Let's Make a Mug Too (やくならマグカップも, Yaku nara Magu Kappu mo) is a Japanese manga series by Osamu Kashiwara about Mino ware pottery, set in the Tajimi city of Gifu Prefecture. It has been serialized online by Planet since February 2012, and has been collected in thirty-four digital volumes. A second manga series also by Kashiwara was serialized online via Akita Shoten's Manga Cross website from January 2021 to August 2022. It was collected in two tankōbon volumes. An anime television series adaptation produced by Nippon Animation aired from April to June 2021, and a second season aired from October to December 2021. A spin-off ONA by Planet Studio premiered in April 2024.

== Plot ==
High school girl Himeno Toyokawa has just moved to Tajimi, Gifu, her late mother's hometown. As Himeno knew little about her mother due to her early death, she was unaware that her mother was once a skilled potter. At her new school, she befriends Mika Kukuri, her classmate and a member of school pottery club. With her new friends and learning about her mother's past, Himeno learns to be a potter herself and enjoy her new hobby.

== Characters ==
- Himeno Toyokawa (豊川 姫乃, Toyokawa Himeno)

A first-year high school student who moved to Tajimi after her father resigned from his previous job. She initially does not know much about pottery, but picks it up after befriending Mika and learning about her mother's past.
- Mika Kukuri (久々梨 三華, Kukuri Mika)

A cheerful girl who leads the school pottery club.
- Naoko Naruse (成瀬 直子, Naruse Naoko)

A high school student who often visits the club room despite not being an official member. She appears to be interested in Himeno.
- Toko Aoki (青木 十子, Aoki Toko)

The leader of the pottery club, who aims to follow in the footsteps of her grandfather.
- Tokishirō Toyokawa (豊川 刻四郎, Toyokawa Tokishirō)
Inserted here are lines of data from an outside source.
Lemma n_misplaced0 : n_misplaced set0 + n_fixed = m.
Proof.
rewrite /n_misplaced /n_fixed -cardsUI.
have -> : [set z | misplaced set0 z] :&: [set z | s z == z] = set0.
  by apply/setP => z; rewrite !inE /misplaced inE /=; case: eqP.
have -> : [set z | misplaced set0 z] :|: [set z | s z == z] = setT.
  by apply/setP => z; rewrite !inE /misplaced inE /=; case: eqP.
by rewrite cards0 addn0 cardsT card_ord.
Qed.

Lemma card_porbits_min : #|porbits s| = #|[set z | cycle_min z]|.
Proof.
have -> : porbits s = porbit s @: [set z | cycle_min z].
  apply/setP => O; apply/imsetP/imsetP => [[x _ ->]|[r _ ->]]; last by exists r.
  case: (arg_minnP (fun z : 'I_m => z : nat) (porbit_id s x)) => r r_x r_min.
  have O_r : porbit s r = porbit s x by apply/eqP; rewrite eq_porbit_mem.
  exists r; last by rewrite O_r.
  by rewrite inE; apply/forall_inP => y; rewrite O_r; apply: r_min.
rewrite card_in_imset // => r1 r2; rewrite !inE => /forall_inP min1 /forall_inP min2 O12.
apply/val_inj/eqP; rewrite eqn_leq min1 ?min2 // -?O12 ?porbit_id //.
by rewrite O12 porbit_id.
Qed.

Lemma n_open_cycles0 : n_open_cycles set0 + n_fixed = #|porbits s|.
Proof.
rewrite card_porbits_min /n_open_cycles /n_fixed.
rewrite -(cardsID [set z | s z == z] [set z | cycle_min z]) addnC.
congr (_ + _); apply: eq_card => z; rewrite !inE; last by rewrite /misplaced inE andbC.
case: (boolP (s z == z)) => [/eqP sz|]; rewrite ?andbF ?andbT //.
by apply/esym/forall_inP => y /(porbit_fixed sz) ->.
Qed.

Lemma displacement0 : displacement set0 = \sum_(z : 'I_m) cdist z (s z).
Proof. by apply: eq_bigl => z; rewrite inE. Qed.

Lemma fclosed0 : fclosed s set0.
Proof. by move=> x y _; rewrite !inE. Qed.

Lemma n_open_cycles_le S : n_open_cycles S <= m.
Proof. by rewrite -[leqRHS](card_ord m) max_card. Qed.

Lemma sweep_plan_partial : sweep_plan s = sweep m m (partial_arr set0).
Proof. exact: sweep_ext init_arr_partial. Qed.

Lemma size_sweep_plan : size (sweep_plan s) + 2 * n_fixed = m + #|porbits s|.
Proof.
rewrite sweep_plan_partial (size_sweep fclosed0 (n_open_cycles_le _)).
by have := n_misplaced0; have := n_open_cycles0; lia.
Qed.

Lemma travel_sweep_plan : 0 < m ->
  \sum_(z : 'I_m) cdist z (s z) <= travel (sweep_plan s)
    <= \sum_(z : 'I_m) cdist z (s z) + 2 * m.
Proof.
move=> m_gt0; rewrite /travel sweep_plan_partial -displacement0.
rewrite (sweep_travel_ge fclosed0 (n_open_cycles_le _)) /=.
apply: leq_trans (leq_subr 1 _).
by apply: sweep_travel_le fclosed0 (n_open_cycles_le _) 1 _ _; rewrite ?m_gt0.
Qed.

End Sweep.

Section PermSums.
Variable T : finType.

Lemma sum_perm_at (G : T -> nat) x x' :
  \sum_(s : {perm T}) G (s x) = \sum_(s : {perm T}) G (s x').
Proof.
rewrite [RHS](reindex_inj (mulgI (tperm x' x))) /=.
by apply: eq_bigr => s _; rewrite permM tpermL.
Qed.

Lemma sum_perm_app (G : T -> nat) x :
  (\sum_(s : {perm T}) G (s x)) * #|T| = #|{perm T}| * \sum_y G y.
Proof.
transitivity (\sum_(x' : T) \sum_(s : {perm T}) G (s x')).
  rewrite [RHS](eq_bigr (fun _ => \sum_(s : {perm T}) G (s x))) => [|x' _].
    by rewrite sum_nat_const mulnC.
  exact: sum_perm_at.
rewrite exchange_big /= -sum_nat_const; apply: eq_bigr => s _.
by rewrite [RHS](reindex_inj (@perm_inj _ s)).
Qed.

Lemma sum_perm_graph (F : T -> T -> nat) :
  (\sum_(s : {perm T}) \sum_x F x (s x)) * #|T| = #|{perm T}| * \sum_x \sum_y F x y.
Proof.
rewrite exchange_big big_distrl big_distrr /=; apply: eq_bigr => x _.
exact: sum_perm_app.
Qed.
Himeno's father, who moved to his late wife Himena's hometown to start a coffee shop.
- Sachie Tokikawa (土岐川 幸恵, Tokikawa Sachie)

- Mami Koizumi (小泉 真美, Koizumi Mami)

- Mad Demon (真土泥右衛門, Maddo Deiemon)

- Yuzuna (ゆずな)

- Noa (のあ)

- Tomonari Kusano (草野智也, Kusano Tomonari)

- Yukari Ōsawa (大沢由香里, Ōsawa Yukari)

- Jūbe Aoki (青木十兵衛, Aoki Jūbe)

- Rio Matsuse (松瀬理央, Matsuse Rio)

- Ximena Valdez (ヒメナ・バルデス, Himena Barudesu)

- Himena Tokikawa (土岐川姫菜, Tokikawa Himena)

Himeno's father and Tokishirō's wife, who died when Himeno was still young. She was a skilled potter.

== Media ==
=== Anime ===
An anime television series adaptation was announced via Twitter on February 14, 2020. The series was animated by Nippon Animation and directed by Jun Kamiya, with Naruhisa Arakawa handling series composition, and Ayano Yoshioka designing the characters. Tajimi and its tourism association collaborated on the anime. The series aired from April 3 to June 21, 2021, on CBC and other channels. Minami Tanaka, Yu Serizawa, Yuki Wakai, and Rina Honnizumi performed the opening theme song "Tobira o Aketara", while Aya Uchida performed the ending theme song "Pale Blue." Crunchyroll streamed the series.

On June 21, 2021, a second season, titled Let's Make a Mug Too: Second Kiln, was announced, with the main staff and cast members returning to reprise their roles. It aired from October 2 to December 18, 2021. The Mug-Mo unit (Minami Tanaka, Yu Serizawa, Yūki Wakai, and Rina Honnizumi) performed the opening theme song "Muchū no Saki e", while Aya Uchida performed the ending theme song "Yellow Canary".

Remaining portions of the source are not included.